(Stored data entries)
(* Let $\nu$ be an eigenvalue of the nonlocal problem with $\nu\notin\{\lambda_n\}_{n\in\mathbb N_0}$. Then $\nu$ solves $$\frac1M=\sum_{n\in\mathbb N_0}\frac{\beta_n^2}{\lambda_n-\nu},\qquad \beta_n=\int_0^1C(y)\psi_n(y)\,dy.$$ Conversely, if $\nu\in\mathbb R$ solves this equation, then $\nu$ is an eigenvalue of the nonlocal problem.
   Context: $\mathbb{T}=[0,1]$ with endpoints identified; $D,\kappa>0$; $U\in W^{2,2}(\mathbb{T})$ is a nonconstant solution of $0=DU_{xx}-U+\kappa e^U/\int_0^1e^Udy$ (periodic). Set $A(x)=\kappa\frac{e^{U(x)}}{\int_0^1e^U}-1$, $M=\frac{\kappa}{(\int_0^1e^U)^2}>0$, $C(x)=e^{U(x)}$. Nonlocal eigenvalue problem: $D\varphi_{xx}+(A(x)-\nu)\varphi=MC(x)\int_0^1C(y)\varphi(y)dy$, $\varphi\not\equiv0$, periodic boundary conditions. Local problem: $D\psi_{xx}+(A(x)-\lambda)\psi=0$, periodic; its eigenpairs $(\lambda_n,\psi_n)_{n\in\mathbb N_0}$ are real with $\{\psi_n\}$ an orthonormal basis of $L^2(0,1)$ and $\lambda_0>\lambda_1\ge\lambda_2>\lambda_3\ge\lambda_4>\cdots$. *)

From Stdlib Require Import Reals.
From Coquelicot Require Import Coquelicot.
Open Scope R_scope.

(* 1-periodic functions on R = functions on the torus T = [0,1]/~ *)
Definition periodic1 (f : R -> R) : Prop := forall x, f (x + 1) = f x.

(* twice differentiable everywhere (classical representative of a W^{2,2}
   solution) *)
Definition twice_diff (f : R -> R) : Prop :=
  forall x, ex_derive f x /\ ex_derive (Derive f) x.

Definition d2 (f : R -> R) (x : R) : R := Derive (Derive f) x.

Definition intExpU (U : R -> R) : R := RInt (fun y => exp (U y)) 0 1.

Definition Acoef (kappa : R) (U : R -> R) (x : R) : R :=
  kappa * exp (U x) / intExpU U - 1.

Definition Mcoef (kappa : R) (U : R -> R) : R := kappa / (intExpU U) ^ 2.

Definition Ccoef (U : R -> R) (x : R) : R := exp (U x).

Definition steady_state (D kappa : R) (U : R -> R) : Prop :=
  periodic1 U /\ twice_diff U /\
  forall x, 0 = D * d2 U x - U x + kappa * exp (U x) / intExpU U.
(* Consider computing $\mathbf{r}=\mathbf{s}\mathbf{A}$ over $\mathbb{F}_2$ ($\mathbf A$ an $L\times K$ binary matrix) with AND, XOR and majority gates from Gate Model II with fan-in bound $D>3$ and defective fractions $\alpha_{\text{and}},\alpha_{\text{xor}},\alpha_{\text{maj}}$ respectively, using the ENCODED-F scheme with group size $d_s\le D$ and a $(d_v,d_c)$-regular LDPC code (length $N$, dimension $K$, $P=N-K$ parity checks, rate $R=\frac{N-P}{N}$, $d_c\le D$) that satisfies (A.3) with constants $\alpha_0,\theta\in(0,1)$. If $$(d_s-1)\alpha_{\text{and}}+[D(1-R)+1]\alpha_{\text{xor}}+\alpha_{\text{maj}}<\theta\alpha_0,$$ then $\mathbf r=\mathbf s\mathbf A$ can be computed using $N$ AND gates, $N+P$ XOR gates and $N$ majority gates, with at most $\frac{2N+P}{K}\lceil\frac{L}{d_s-1}\rceil+\frac{NL}{K}=\Theta(\frac{LN}{K})$ operations per output bit, and, for every input $\mathbf s$ and every placement of defective gates consistent with the fractions above, the error fraction of the final output is at most $\alpha_0$.
   Context: Gate Model II: among a set of $n$ gates of a given type, each is either perfect, always outputting $g(u_1,\dots,u_{d_g})$ with $d_g\le D$, or defective, always outputting $f(g(u_1,\dots,u_{d_g}))$ for a fixed $f$ which is NOT, constant $0$, or constant $1$; the fraction of defective gates of type $i$ is $\alpha_i$; which gates are defective is unknown (worst case). Registers and wires are noiseless. Operations per output bit = total number of gate activations divided by $K$. Condition (A.3): for every pattern of at most $\alpha_0N$ erroneous bits in a word, one noiseless iteration of the parallel bit flipping (PBF) algorithm leaves at most $(1-\theta)\alpha_0N$ erroneous bits. One PBF iteration: compute all parity checks; flip each variable bit connected to more than $d_v/2$ unsatisfied checks; set each variable bit connected to exactly $d_v/2$ unsatisfied checks to a uniformly random bit. ENCODED-F: let $\mathbf G$ be a systematic $K\times N$ generator matrix of the code and precompute noiselessly $\tilde{\mathbf G}=\mathbf A\mathbf G$ with rows $\tilde{\mathbf g}_1,\dots,\tilde{\mathbf g}_L$. An $N$-bit register starts at zero. In stage $l=1,\dots,\lceil L/(d_s-1)\rceil$: compute $s_i\tilde{\mathbf g}_i$ for the $d_s-1$ indices $i\in\{(d_s-1)(l-1)+1,\dots,(d_s-1)l\}$ with AND gates, add them to the register with $N$ XOR gates (fan-in $d_s$), then perform one iteration of PBF decoding on the register using $P$ XOR gates (fan-in $d_c$, computing the parity checks) and $N$ majority gates (fan-in $d_v$, deciding flips). The final register contents are the output, compared with the correct codeword $\mathbf s\tilde{\mathbf G}=\mathbf r\mathbf G$; the error fraction is the fraction of its $N$ bits that are wrong. *)

From HB Require Import structures.
From mathcomp Require Import all_boot all_order all_algebra.
Set Implicit Arguments. Unset Strict Implicit. Unset Printing Implicit Defensive.
Import Order.TTheory GRing.Theory Num.Theory.
Local Open Scope ring_scope.

Notation F2 := 'F_2.

Definition valid_defect (f : F2 -> F2) : Prop :=
  f = (fun x => x + 1) \/ f = (fun _ => 0) \/ f = (fun _ => 1).

Definition gate_out (T : finType) (Def : {set T}) (f : F2 -> F2) (g : T) (v : F2) : F2 :=
  if g \in Def then f v else v.

(* Majority gate of fan-in dv fed with u ones (u = number of unsatisfied checks):
   decides "flip" (1) if more than dv/2 inputs are 1, "no flip" (0) if fewer,
   and outputs the tie-break bit r on ties.  New bit = old bit + decision, so
   on ties the new bit is old + r (a uniformly random bit when r is). *)
Definition maj_dec (dv u : nat) (r : F2) : F2 :=
  if (dv < u.*2)%N then 1 else if u.*2 == dv then r else 0.

Definition adj (P N : nat) (H : 'M[F2]_(P, N)) (c : 'I_P) (v : 'I_N) : bool := H c v != 0.

Definition check_val (P N : nat) (H : 'M[F2]_(P, N)) (Dchk : {set 'I_P}) (fx : F2 -> F2)
  (x : 'rV[F2]_N) (c : 'I_P) : F2 :=
  gate_out Dchk fx c (\sum_(v : 'I_N | adj H c v) x 0 v).

Definition pbf_step (P N : nat) (H : 'M[F2]_(P, N)) (dv : nat)
  (Dchk : {set 'I_P}) (fx : F2 -> F2) (Dmaj : {set 'I_N}) (fm : F2 -> F2)
  (r : 'I_N -> F2) (x : 'rV[F2]_N) : 'rV[F2]_N :=
  \row_v (x 0 v + gate_out Dmaj fm v
      (maj_dec dv #|[set c : 'I_P | adj H c v && (check_val H Dchk fx x c != 0)]| (r v))).

Definition pbf_noiseless (P N : nat) (H : 'M[F2]_(P, N)) (dv : nat)
  (r : 'I_N -> F2) (x : 'rV[F2]_N) : 'rV[F2]_N :=
  pbf_step H dv set0 id set0 id r x.

Definition hdist (N : nat) (x y : 'rV[F2]_N) : nat := #|[set v : 'I_N | x 0 v != y 0 v]|.
Lemma has_expansion_trunc f c N L : has_expansion f c N -> (L <= N)%nat -> has_expansion f c L.
Proof.
  rewrite !has_expansion_bigO. intros H HLN.
  replace N with (L + (N - L))%nat in H by lia.
  apply (bigO_ext _ _ (fun w =>
    (f w - sum_f_R0 (fun i => c i * w ^ i) (L + (N - L)))
    + (sum_f_R0 (fun i => c i * w ^ i) (L + (N - L)) - sum_f_R0 (fun i => c i * w ^ i) L))).
  { intros; ring. }
  apply bigO_plus; [apply (bigO_weaken _ (S (L + (N - L)))); [lia|auto]|apply bigO_poly_tail].
Qed.

Lemma const_zero_of_bound (a K d : R) :
  0 < d -> (forall w, 0 < Rabs w < d -> Rabs a <= K * Rabs w) -> a = 0.
Proof.
  intros Hd H. destruct (Req_dec a 0) as [|Ha]; auto. exfalso.
  assert (Hpa : 0 < Rabs a) by (apply Rabs_pos_lt; auto).
  pose proof (Rabs_pos K). pose proof (Rle_abs K).
  set (w := Rmin (d / 2) (Rabs a / (2 * (Rabs K + 1)))).
  assert (Hw : 0 < w) by (unfold w; apply Rmin_pos; apply Rdiv_lt_0_compat; lra).
  assert (Hw1 : w <= d / 2) by apply Rmin_l.
  assert (Hw2 : w * (2 * (Rabs K + 1)) <= Rabs a).
  { pose proof (Rmin_r (d / 2) (Rabs a / (2 * (Rabs K + 1)))) as Hr. fold w in Hr.
    apply (Rmult_le_compat_r (2 * (Rabs K + 1))) in Hr; [|lra].
    unfold Rdiv in Hr. rewrite Rmult_assoc, Rinv_l in Hr; lra. }
  specialize (H w). rewrite Rabs_pos_eq in H by lra. specialize (H ltac:(lra)). nra.
Qed.
Lemma cT_sub_Obar k : (k <= NL I)%N -> cT k \subset Obar.
Proof.
elim: k => [|k IH] kN; first exact: subsetUl.
rewrite cTS subUset IH ?(ltnW kN) //.
apply/subsetP => x xk; rewrite /Obar in_setU; apply/orP; right.
by apply/OtilP; exists k.+1.
Qed.

Lemma cL_labeled j i : i \in cL j -> exists2 m, (m < j)%N & i \in L m.+1.
Proof.
elim: j => [|j IH]; first by rewrite in_set0.
rewrite cLS in_setU => /orP[/IH[m mj im]|iL].
  by exists m => //; apply: ltnW.
by exists j.
Qed.

(* A nonempty layer T_k needs k distinct labeled agents, so k <= #|I|. *)
Lemma nonempty_layer_card k : T k != set0 -> (k <= #|cL k|)%N.
Proof.
elim: k => [|k IH] //; rewrite TkS => /set0Pn[x /bigcupP[i iL xtl]].
have Tk0 : T k != set0.
  move: xtl; rewrite inE => /andP[_ /existsP[o /andP[oT _]]].
  by apply/set0Pn; exists o.
apply: leq_ltn_trans (IH Tk0) _; rewrite cLS; apply/proper_card/properP.
split; first exact: subsetUl.
by exists i; [rewrite in_setU iL orbT | move: iL; rewrite LkS inE => /andP[]].
Qed.

Lemma nonempty_layer_lt k : T k != set0 -> (k < NL I)%N.
Proof. by move/nonempty_layer_card/leq_trans; apply; apply: max_card. Qed.

Lemma OtilI_sub_Otil i : OtilI pref p Oc i \subset Otil.
Proof.
apply/subsetP => x; rewrite /OtilI big_mkcond mem_bigcup_seq => /hasP[k].
rewrite mem_index_iota ltnS => kb; case: ifP => [iL xt|]; last by rewrite in_set0.
apply/OtilP; exists k => //; case: k kb iL xt => // k _ iL xt.
by rewrite TkS; apply/bigcupP; exists i.
Qed.

Lemma OtilI_sub_Obar i : OtilI pref p Oc i \subset Obar.
Proof. exact: subset_trans (OtilI_sub_Otil i) (subsetUr _ _). Qed.

Definition holdings_dominate : Prop :=
  forall i x y, 0 < p i x -> y \in Obar -> pref i x y.

Hypothesis trans : forall i, transitive (pref i).
Hypothesis dom : holdings_dominate.

Lemma Obar_indiff_closed i o x :
  o \in Obar -> 0 < p i x -> indiff pref i o x -> x \in Obar.
Proof.
move=> oOb px ox; apply/negPn/negP => xN.
have [j jN oj] := Obar_layer oOb.
have x_fresh m : (m <= NL I)%N -> x \notin cT m.
  by move=> mN; apply: contra xN; apply/subsetP/cT_sub_Obar.
suff [m [mN iL xtl]] : exists m, [/\ (m < NL I)%N, i \in L m.+1
                              & x \in tl pref p (T m) (cT m) i].
  apply: (negP xN); rewrite /Obar in_setU; apply/orP; right.
  by apply/OtilP; exists m.+1; rewrite // TkS; apply/bigcupP; exists i.
case: (boolP (i \in cL j)) => [/cL_labeled[m mj iL]|niL].
- have mN : (m <= NL I)%N by apply: leq_trans (ltnW mj) jN.
  move: (iL); rewrite LkS inE => /andP[_ /set0Pn[o1]].
  rewrite inE => /andP[_ /existsP[o2 /andP[o2m /andP[po1 o2o1]]]].
  have o2Ob : o2 \in Obar by apply/(subsetP (cT_sub_Obar mN))/(subsetP (T_sub_cT m)).
  (* o2 ~ o1, o1 >= o (held), o ~ x, x >= o2 (held) : hence o2 ~ x *)
  move: ox o2o1 => /andP[o_x x_o] /andP[o2_o1 _].
  have o2_x : pref i o2 x := trans (trans o2_o1 (dom po1 oOb)) o_x.
  exists m; split => //; first exact: leq_trans mj jN.
  by rewrite inE x_fresh //=; apply/existsP; exists o2; rewrite o2m px /indiff o2_x dom.
- have xtl : x \in tl pref p (T j) (cT j) i.
    by rewrite inE x_fresh //=; apply/existsP; exists o; rewrite oj px.
  have iL : i \in L j.+1 by rewrite LkS inE niL; apply/set0Pn; exists x.
  exists j; split => //; apply/ltnW/nonempty_layer_lt/set0Pn; exists x.
  by rewrite TkS; apply/bigcupP; exists i.
Qed.
End Labeling.

Section Step.
Variables (R : realFieldType) (I O : finType) (pref : I -> rel O).
Variables (om p om' p' : I -> O -> R) (Oc Oc' : {set O}).
Variables (lam beta gam : I -> O -> R) (xI : I -> R) (xO : O -> R).
Hypothesis trans : forall i, transitive (pref i).
Hypothesis dom : holdings_dominate pref p Oc.
Hypothesis step : fttc_step pref om p Oc lam beta gam xI xO om' p'.
Hypothesis Oc'_sub : Oc' \subset Oc.

Lemma step_outside_Obar i o : o \notin Obar pref p Oc -> p' i o = p i o.
Proof.
have [_ [_ [_ [_ [_ [_ [_ [_ [_ [_ Up]]]]]]]]]] := step.
move=> oN; rewrite Up; case: ifP => // _.
have oNI : o \notin OtilI pref p Oc i by apply: contra oN; apply/subsetP/OtilI_sub_Obar.
by rewrite (negbTE oNI) (negbTE oN) subr0 addr0.
Qed.
Lemma regular2_mu_gt0_cycle x a b :
  (forall y z, y != z -> ~~ adj y z -> 0 < #|[set w | adj y w && adj z w]|) ->
  adj x a -> adj x b -> a != b -> ~~ adj a b ->
  isomorphic G (cycle_graph 1) \/ isomorphic G (cycle_graph 2).
Proof.
move=> mu_gt0 xa xb a_neq_b a_nadj_b.
have common y z : y != z -> ~~ adj y z -> exists w, adj y w && adj z w.
  by move=> y_neq_z /(mu_gt0 _ _ y_neq_z) /card_gt0P [w]; rewrite inE; exists w.
have [ax bx] : adj a x /\ adj b x by rewrite !(adj_sym _ x).
have [a' aa' x_neq_a'] := regular2_exists_other a x.
have [b' bb' x_neq_b'] := regular2_exists_other b x.
have Nx := regular2_neighbours xa xb a_neq_b.
have Na := regular2_neighbours ax aa' x_neq_a'.
have Nb := regular2_neighbours bx bb' x_neq_b'.
have [x_neq_a x_neq_b] := (adj_neq xa, adj_neq xb).
have [a_neq_a' b_neq_b'] := (adj_neq aa', adj_neq bb').
have a'_neq_b : a' != b by apply: contraNneq a_nadj_b => <-.
have a_neq_b' : a != b' by apply: contraNneq a_nadj_b => ->; rewrite adj_sym.
have cover z : z \in [:: x; a; a'; b'; b].
  apply/negPn/negP; rewrite !inE !negb_or => /and5P [z_neq_x z_neq_a z_neq_a' z_neq_b' z_neq_b].
  have [w /andP [zw xw]] : exists w, adj z w && adj x w.
    by apply: (common _ _ z_neq_x); rewrite adj_sym Nx negb_or z_neq_a.
  move: zw; rewrite adj_sym; move: xw; rewrite Nx => /orP [] /eqP ->.
    by rewrite Na (negbTE z_neq_x) (negbTE z_neq_a').
  by rewrite Nb (negbTE z_neq_x) (negbTE z_neq_b').
have [a'_eq_b' | a'_neq_b'] := eqVneq a' b'.
  left; apply: (@cycle_iso_of_listing 1 [:: x; a; a'; b] x) => //.
  - by rewrite /= !inE !negb_or x_neq_a x_neq_a' x_neq_b a_neq_a' a_neq_b a'_neq_b.
  - move=> z; have := cover z; rewrite -a'_eq_b' !inE.
    by case/orP => [->|/orP [->|/orP [->|/orP [->|->]]]]; rewrite ?orbT.
  - by case=> [[|[|[|[|]]]] ?] //=; rewrite // adj_sym a'_eq_b'.
have a'b' : adj a' b'.
  have [w /andP [a'w bw]] : exists w, adj a' w && adj b w.
    by apply: (common _ _ a'_neq_b); rewrite adj_sym Nb negb_or eq_sym x_neq_a'.
  move: bw; rewrite Nb => /orP [] /eqP w_eq; last by rewrite -w_eq.
  by move: a'w; rewrite w_eq adj_sym Nx eq_sym (negbTE a_neq_a') (negbTE a'_neq_b).
right; apply: (@cycle_iso_of_listing 2 [:: x; a; a'; b'; b] x) => //.
- rewrite /= !inE !negb_or x_neq_a x_neq_a' x_neq_b' x_neq_b a_neq_a' a_neq_b' a_neq_b.
  by rewrite a'_neq_b' a'_neq_b eq_sym b_neq_b'.
- by case=> [[|[|[|[|[|]]]]] ?] //=; rewrite // adj_sym.
Qed.

End TwoRegular.

Lemma srg_regular2_classification G l m : srg_with G 2 l m ->
  [\/ isomorphic G (cycle_graph 1), isomorphic G (cycle_graph 2)
    | disjoint_union_of_C3 G].
Proof.
case=> /card_gt0P [x _] G2 lambdaE muE.
have [a xa _] := regular2_exists_other G2 x x.
have [b xb a_neq_b] := regular2_exists_other G2 x a.
have [ab | a_nadj_b] := boolP (adj a b).
  apply: Or33; apply: (regular2_triangles G2 _ x); apply: regular2_adj_trans => // y z yz.
  by rewrite lambdaE // -(lambdaE _ _ xa); apply/card_gt0P; exists b; rewrite inE xb.
have mu_gt0 (y z : vert G) : y != z -> ~~ adj y z -> 0 < #|[set w | adj y w && adj z w]|.
  move=> y_neq_z y_nadj_z; rewrite muE // -(muE _ _ a_neq_b a_nadj_b).
  by apply/card_gt0P; exists x; rewrite inE !(adj_sym _ x) xa xb.
by case: (regular2_mu_gt0_cycle G2 mu_gt0 xa xb a_neq_b a_nadj_b) => [C4 | C5];
  [apply: Or31 | apply: Or32].
Qed.

Theorem mainTheorem10 (G : sgraph) :
  strongly_regular G ->
  ~ isomorphic G (cycle_graph 0) ->
  ~ isomorphic G (cycle_graph 1) ->
  ~ isomorphic G (cycle_graph 2) ->
  ~ disjoint_union_of_C3 G ->
  exists m, m <= 2 /\ ~ strongly_regular (iter_line m G).
Proof.
(* C_3 is a union of one triangle. *)
move=> [k [l [m G_srg]]] _ not_C4 not_C5 not_triangles.
have [/card_gt0P [x _] Gk _ _] := G_srg.
have [k_le1 | k_gt1] := leqP k 1.
  exists 2; split => //; apply/line_graph_of_edgeless_not_srg/line_graph_edgeless.
  by move=> y; rewrite Gk.
have [k_eq2 | k_neq2] := eqVneq k 2.
  rewrite k_eq2 in G_srg.
  by case: (srg_regular2_classification G_srg) => [/not_C4 | /not_C5 | /not_triangles].
have [a xa] : exists a, adj x a.
  have /card_gt0P [a] : 0 < #|[set y | adj x y]| by rewrite Gk; lia.
  by rewrite inE; exists a.
exists 2; split => //; apply: (regular_line_not_srg (line_graph_regular Gk)).
- by apply: (@line_graph_triangle _ x); rewrite Gk; lia.
- by apply: (line_graph_induced_path3 xa); rewrite Gk; lia.
Qed.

TASK DIRECTIONS
Each line above that includes "bigcupP" should be shown.

FINISHED EXERCISE
elim: k => [|k IH] //; rewrite TkS => /set0Pn[x /bigcupP[i iL xtl]].
by rewrite TkS; apply/bigcupP; exists i.
  by apply/OtilP; exists m.+1; rewrite // TkS; apply/bigcupP; exists i.
  by rewrite TkS; apply/bigcupP; exists i.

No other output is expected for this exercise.